Video Transcript
The ratio between neutrons and protons in an atom of vanadium-51, 51 23 V, is approximately 1.22 to one. As the number of protons in an atom increases, how does the ratio between neutrons and protons change? (A) The ratio increases. (B) The ratio increases until it reaches that in uranium and then decreases. (C) The ratio increases until it reaches that in uranium and then flattens out. (D) The ratio decreases. Or (E) the ratio decreases until it reaches that in uranium and then increases.
The stability of atoms depends on the ratio of protons to neutrons. We can see how this ratio changes by observing the belt of stability. But let’s first clear some space. For light elements, they are stable when the number of protons is approximately equal to the number of neutrons. In other words, very light elements with a proton number of around 20 or less are stable with a one-to-one neutron-to-proton number ratio.
For medium mass elements, we see that they are stable when the number of neutrons is a little greater than the number of protons. For example, vanadium-51 is stable when it has 28 neutrons and 23 protons with a neutron-to-proton ratio of approximately 1.22 to one.
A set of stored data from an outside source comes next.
(* Let $\Bbbk$ be an algebraically closed field of characteristic $2$ and let $\mathfrak{u}(\mathfrak{m})$ be the algebra generated by $a,b,c$ with relations $ab+ba=c$, $ac+ca=a$, $bc+cb=b$, $a^4=b^4=0$, $c^2+c=0$. Then $\operatorname{Ext}^1_{\mathfrak{u}(\mathfrak{m})}(V_1,V_1)=0$.
   Context: $V_1$ is the three-dimensional module with basis $v_1,v_2,v_3$ and action $av_1=v_2$, $av_2=v_3$, $av_3=0$; $bv_1=0$, $bv_2=v_1$, $bv_3=v_2$; $cv_1=v_1$, $cv_2=0$, $cv_3=v_3$. *)

From HB Require Import structures.
From mathcomp Require Import all_boot all_order all_algebra all_field.
Set Implicit Arguments. Unset Strict Implicit. Unset Printing Implicit Defensive.
Import GRing.Theory.
Local Open Scope ring_scope.

(* Modules over u(m) = k<a,b,c>/(ab+ba-c, ac+ca-a, bc+cb-b, a^4, b^4, c^2+c)
   on k^n (row vectors): the generators a, b, c act by v |-> v *m A, v *m B,
   v *m C.  All defining relations are invariant under reversing the order of
   products, so the row-vector (right action) convention is harmless. *)
Definition um_rep (k : fieldType) (n : nat) (A B C : 'M[k]_n) : Prop :=
  A *m B + B *m A = C /\
  A *m C + C *m A = A /\
  B *m C + C *m B = B /\
  A *m A *m A *m A = 0 /\
  B *m B *m B *m B = 0 /\
  C *m C + C = 0.

Definition um_hom (k : fieldType) (m n : nat)
  (A B C : 'M[k]_m) (A' B' C' : 'M[k]_n) (f : 'M[k]_(m, n)) : Prop :=
  [/\ A *m f = f *m A', B *m f = f *m B' & C *m f = f *m C'].

(* Ext^1(V, V) = 0 (Yoneda description): every short exact sequence of
   u(m)-modules 0 -> V --i--> E --p--> V -> 0 splits.  (Any such E is finite
   dimensional, so E = k^n with some n.) *)
Definition Ext1_self_zero (k : fieldType) (m : nat) (A B C : 'M[k]_m) : Prop :=
  forall (n : nat) (A' B' C' : 'M[k]_n) (i : 'M[k]_(m, n)) (p : 'M[k]_(n, m)),
    um_rep A' B' C' ->
    um_hom A B C A' B' C' i -> um_hom A' B' C' A B C p ->
    row_free i -> row_full p -> i *m p = 0 -> (kermx p <= i)%MS ->
    exists s : 'M[k]_(m, n), um_hom A B C A' B' C' s /\ s *m p = 1%:M.

(* The module V_1 with basis v1,v2,v3 (indices 0,1,2); row j of the matrix
   is the image of v_(j+1). *)
Definition V1a (k : fieldType) : 'M[k]_3 :=
  \matrix_(i < 3, j < 3) (if (j == i.+1 :> nat) then 1 else 0).
  (* a v1 = v2, a v2 = v3, a v3 = 0 *)
Definition V1b (k : fieldType) : 'M[k]_3 :=
  \matrix_(i < 3, j < 3) (if (j.+1 == i :> nat) then 1 else 0).
  (* b v1 = 0, b v2 = v1, b v3 = v2 *)
Definition V1c (k : fieldType) : 'M[k]_3 :=
  \matrix_(i < 3, j < 3) (if (i == j) && (i != 1 :> nat) then 1 else 0).
  (* c v1 = v1, c v2 = 0, c v3 = v3 *)

From HB Require Import structures.
From mathcomp Require Import all_boot all_order all_algebra all_field.
Import GRing.Theory.
Local Open Scope ring_scope.

(* In characteristic 2, c is idempotent and x c + c x = x for x = a, b, so a and b map
   c-fixed vectors into ker c and back.  Hence a vector e of a module with b e = 0, c e = e
   and a^3 e = 0 spans a copy e, a e, a^2 e of V_1, and such a lift e of v_1 splits
   0 -> V_1 -> E -> V_1 -> 0.  Start from a c-fixed lift e1; then b e1 lies in i(V_1) and in
   ker c, i.e. in i(k v_2), where a b acts as the identity, so e := e1 - i(a y) with
   i(y) = b e1 has b e = 0.  Finally a^3 e lies in i(V_1) and is killed by c and, as
   a^4 = 0, by a; the only such vector of V_1 is 0. *)

Local Notation "''e_' j" := (delta_mx 0 j) (at level 8, j at level 2, format "''e_' j").

Lemma ord3P (j : 'I_3) : [\/ j = 0, j = 1 | j = 2].
Proof.
by case: j => -[|[|[|]]] ? //; [constructor 1|constructor 2|constructor 3]; apply: val_inj.
Qed.

Section ModuleV1.
Context {k : fieldType}.

Lemma V1_rowsE :
  (row 0 (V1a k) = 'e_1) * (row 1 (V1a k) = 'e_2) * (row 2 (V1a k) = 0) *
  (row 0 (V1b k) = 0) * (row 1 (V1b k) = 'e_0) * (row 2 (V1b k) = 'e_1) *
  (row 0 (V1c k) = 'e_0) * (row 1 (V1c k) = 0) * (row 2 (V1c k) = 'e_2).
Proof.
by do !split; apply/rowP => j; rewrite !mxE; case: j => -[|[|[|]]].
Qed.

Lemma V1c_kernel {y : 'rV[k]_3} : y *m V1c k = 0 -> y = y 0 1 *: 'e_1.
Proof.
move=> /rowP yc; apply/rowP => j; have := yc j.
rewrite !mxE !big_ord_recl big_ord0 !mxE /=.
case: j => -[|[|[|]]] //= ?; rewrite ?mulr0 ?mulr1 ?addr0 ?add0r;
  [move=> h|move=> _|move=> h]; rewrite -?h; congr (y _ _); exact: val_inj.
Qed.

Lemma V1c_kernel_ab {y : 'rV[k]_3} : y *m V1c k = 0 -> y *m V1a k *m V1b k = y.
Proof. by move=> /V1c_kernel ->; rewrite -!scalemxAl -rowE !V1_rowsE -rowE !V1_rowsE. Qed.

Lemma V1c_kernel_ac {y : 'rV[k]_3} : y *m V1c k = 0 -> y *m V1a k *m V1c k = y *m V1a k.
Proof. by move=> /V1c_kernel ->; rewrite -!scalemxAl -rowE !V1_rowsE -rowE !V1_rowsE. Qed.

Lemma V1c_kernel_a_eq0 {y : 'rV[k]_3} : y *m V1c k = 0 -> y *m V1a k = 0 -> y = 0.
Proof.
move=> /V1c_kernel ->; rewrite -scalemxAl -rowE !V1_rowsE => /rowP /(_ 2).
by rewrite !mxE /= mulr1 => ->; rewrite scale0r.
Qed.
End ModuleV1.

Lemma kermx_sub_factor {k : fieldType} {m n r} {p : 'M[k]_(n, m)} {i : 'M[k]_(r, n)}
    (x : 'rV[k]_n) :
  (kermx p <= i)%MS -> x *m p = 0 -> exists y, x = y *m i.
Proof. by move=> ker_p /sub_kermxP xp; apply/submxP; apply: submx_trans xp ker_p. Qed.

Lemma row_free_intertwine_eq0 {k : fieldType} {m n} {i : 'M[k]_(m, n)} {M M'}
    {y : 'rV[k]_m} :
  row_free i -> M *m i = i *m M' -> y *m i *m M' = 0 -> y *m M = 0.
Proof.
by move=> free_i iM yM'; apply: (row_free_inj free_i); rewrite mul0mx -mulmxA iM mulmxA.
Qed.

Lemma oppmx_pchar2 {k : fieldType} (char2 : 2%N \in [pchar k]) {m n} (M : 'M[k]_(m, n)) :
  - M = M.
Proof. by rewrite -scaleN1r (oppr_pchar2 char2) scale1r. Qed.

Section Anticommutation.
Context {k : fieldType} {n : nat}.

Lemma mulmx_anticomm {m} (x : 'M[k]_(m, n)) {X Y Z} :
  X *m Y + Y *m X = Z -> x *m X *m Y + x *m Y *m X = x *m Z.
Proof. by move=> <-; rewrite mulmxDr !mulmxA. Qed.

Context {C X : 'M[k]_n}.
Hypothesis XC : X *m C + C *m X = X.

Lemma anticomm_fixed_to_ker {x : 'rV[k]_n} : x *m C = x -> x *m X *m C = 0.
Proof.
by move=> xC; move: (mulmx_anticomm x XC); rewrite xC => /(canRL (addrK _)); rewrite subrr.
Qed.

Lemma anticomm_ker_to_fixed {x : 'rV[k]_n} : x *m C = 0 -> x *m X *m C = x *m X.
Proof. by move=> xC; move: (mulmx_anticomm x XC); rewrite xC mul0mx addr0. Qed.

End Anticommutation.

Section Orbit.
Context {k : fieldType} {n : nat}.
Variables (A B C : 'M[k]_n) (e : 'rV[k]_n).
Hypotheses (char2 : 2%N \in [pchar k]) (rep : um_rep A B C).
Hypotheses (eB : e *m B = 0) (eC : e *m C = e) (eA3 : e *m A *m A *m A = 0).

Definition V1_orbit : 'M[k]_(3, n) := \matrix_(r < 3) [:: e; e *m A; e *m A *m A]`_r.

Lemma V1_orbit_hom : um_hom (V1a k) (V1b k) (V1c k) A B C V1_orbit.
Proof.
have [AB [AC [_ _]]] := rep.
have eAC := anticomm_fixed_to_ker AC eC.
have eAAC := anticomm_ker_to_fixed AC eAC.
have eAB : e *m A *m B = e by move: (mulmx_anticomm e AB); rewrite eB eC mul0mx addr0.
have eAAB : e *m A *m A *m B = e *m A.
  move: (mulmx_anticomm (e *m A) AB); rewrite eAB eAC => /(canRL (addrK _)).
  by rewrite sub0r (oppmx_pchar2 char2).
split; apply/row_matrixP => r; rewrite !row_mul; case: (ord3P r) => ->;
  by rewrite !V1_rowsE ?mul0mx -?rowE !rowK /= ?eB ?eC ?eAC ?eAAC ?eAB ?eAAB ?eA3.
Qed.

Lemma V1_orbit_section p : um_hom A B C (V1a k) (V1b k) (V1c k) p ->
  e *m p = 'e_0 -> V1_orbit *m p = 1%:M.
Proof.
move=> [pA _ _] ep; have eAp : e *m A *m p = 'e_1.
  by rewrite -mulmxA pA mulmxA ep -rowE V1_rowsE.
apply/row_matrixP => r; rewrite row_mul row1.
case: (ord3P r) => ->; rewrite rowK //=.
by rewrite -mulmxA pA mulmxA eAp -rowE V1_rowsE.
Qed.
End Orbit.

Section LiftGenerator.
Context {k : fieldType} {n : nat} {A B C : 'M[k]_n}.
Context {i : 'M[k]_(3, n)} {p : 'M[k]_(n, 3)}.
Hypotheses (char2 : 2%N \in [pchar k]) (rep : um_rep A B C).
Hypotheses (hom_i : um_hom (V1a k) (V1b k) (V1c k) A B C i)
  (hom_p : um_hom A B C (V1a k) (V1b k) (V1c k) p).
Hypotheses (free_i : row_free i) (full_p : row_full p)
  (ip : i *m p = 0) (ker_p : (kermx p <= i)%MS).

Lemma exists_C_fixed_lift : exists e : 'rV[k]_n, e *m p = 'e_0 /\ e *m C = e.
Proof.
have [P Pp] := row_fullP full_p; have [_ _ pC] := hom_p.
have CC : C *m C = C.
  have [_ [_ [_ [_ [_ CC]]]]] := rep.
  by apply/eqP; rewrite -[X in _ == X](oppmx_pchar2 char2) -addr_eq0 CC.
exists ('e_0 *m P *m C); split; last by rewrite -mulmxA CC.
by rewrite -mulmxA pC mulmxA -(mulmxA _ P) Pp mulmx1 -rowE V1_rowsE.
Qed.

Lemma exists_generator_lift :
  exists e : 'rV[k]_n, [/\ e *m p = 'e_0, e *m B = 0 & e *m C = e].
Proof.
have [e1 [e1p e1C]] := exists_C_fixed_lift.
have [_ [_ [BC _]]] := rep; have [iA iB iC] := hom_i; have [_ pB _] := hom_p.
have [y e1B] : exists y, e1 *m B = y *m i.
  by apply: (kermx_sub_factor _ ker_p); rewrite -mulmxA pB mulmxA e1p -rowE V1_rowsE.
have yC : y *m V1c k = 0.
  by apply: (row_free_intertwine_eq0 free_i iC); rewrite -e1B; apply: anticomm_fixed_to_ker.
exists (e1 - y *m V1a k *m i); split.
- by rewrite mulmxBl e1p -(mulmxA _ i) ip mulmx0 subr0.
- by rewrite mulmxBl e1B -!mulmxA -iB !mulmxA V1c_kernel_ab // subrr.
- by rewrite mulmxBl e1C -!mulmxA -iC !mulmxA V1c_kernel_ac.
Qed.

Lemma generator_lift_cube {e : 'rV[k]_n} :
  e *m p = 'e_0 -> e *m C = e -> e *m A *m A *m A = 0.
Proof.
move=> ep eC; have [_ [AC [_ [A4 _]]]] := rep; have [iA _ iC] := hom_i.
have [pA _ _] := hom_p.
have eAAAC : e *m A *m A *m A *m C = 0 :=
  anticomm_fixed_to_ker AC (anticomm_ker_to_fixed AC (anticomm_fixed_to_ker AC eC)).
have [u eAAA] : exists u, e *m A *m A *m A = u *m i.
  apply: (kermx_sub_factor _ ker_p); do 3 rewrite -(mulmxA _ A p) pA mulmxA.
  by rewrite ep -rowE V1_rowsE -rowE V1_rowsE -rowE V1_rowsE.
have uC : u *m V1c k = 0.
  by apply: (row_free_intertwine_eq0 free_i iC); rewrite -eAAA eAAAC.
have uA : u *m V1a k = 0.
  apply: (row_free_intertwine_eq0 free_i iA); rewrite -eAAA.
  have -> : e *m A *m A *m A *m A = e *m (A *m A *m A *m A) by rewrite !mulmxA.
  by rewrite A4 mulmx0.
by rewrite eAAA (V1c_kernel_a_eq0 uC uA) mul0mx.
Qed.
End LiftGenerator.

Theorem lemma3p8 (k : closedFieldType) (hchar : 2%N \in [pchar k]) :
  Ext1_self_zero (V1a k) (V1b k) (V1c k).
Proof.
move=> n A B C i p rep hom_i hom_p free_i full_p ip ker_p.
have [e [ep eB eC]] := exists_generator_lift hchar rep hom_i hom_p free_i full_p ip ker_p.
have eA3 := generator_lift_cube rep hom_i hom_p free_i ker_p ep eC.
exists (V1_orbit A e); split; first exact: V1_orbit_hom.
exact: V1_orbit_section hom_p ep.
Qed.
For heavier elements, we see that the ratio increases even more. Consider a very heavy nucleus, such as lead-208, for example, which is the heaviest stable nucleus. That is, it is the heaviest nucleus that does not undergo spontaneous radioactive decay.
Lead-208 contains 82 protons and 126 neutrons. This means that the ratio of neutrons to protons in lead-208 is around 1.53. In the belt of stability, we see that the ratio of neutrons to protons steadily increases over the course of the periodic table. Even after uranium, it continues to increase. Let’s now bring back the original answer choices. So the answer to the question “As the number of protons in an atom increases, how does the ratio between neutrons and protons change?” is (A): the ratio increases.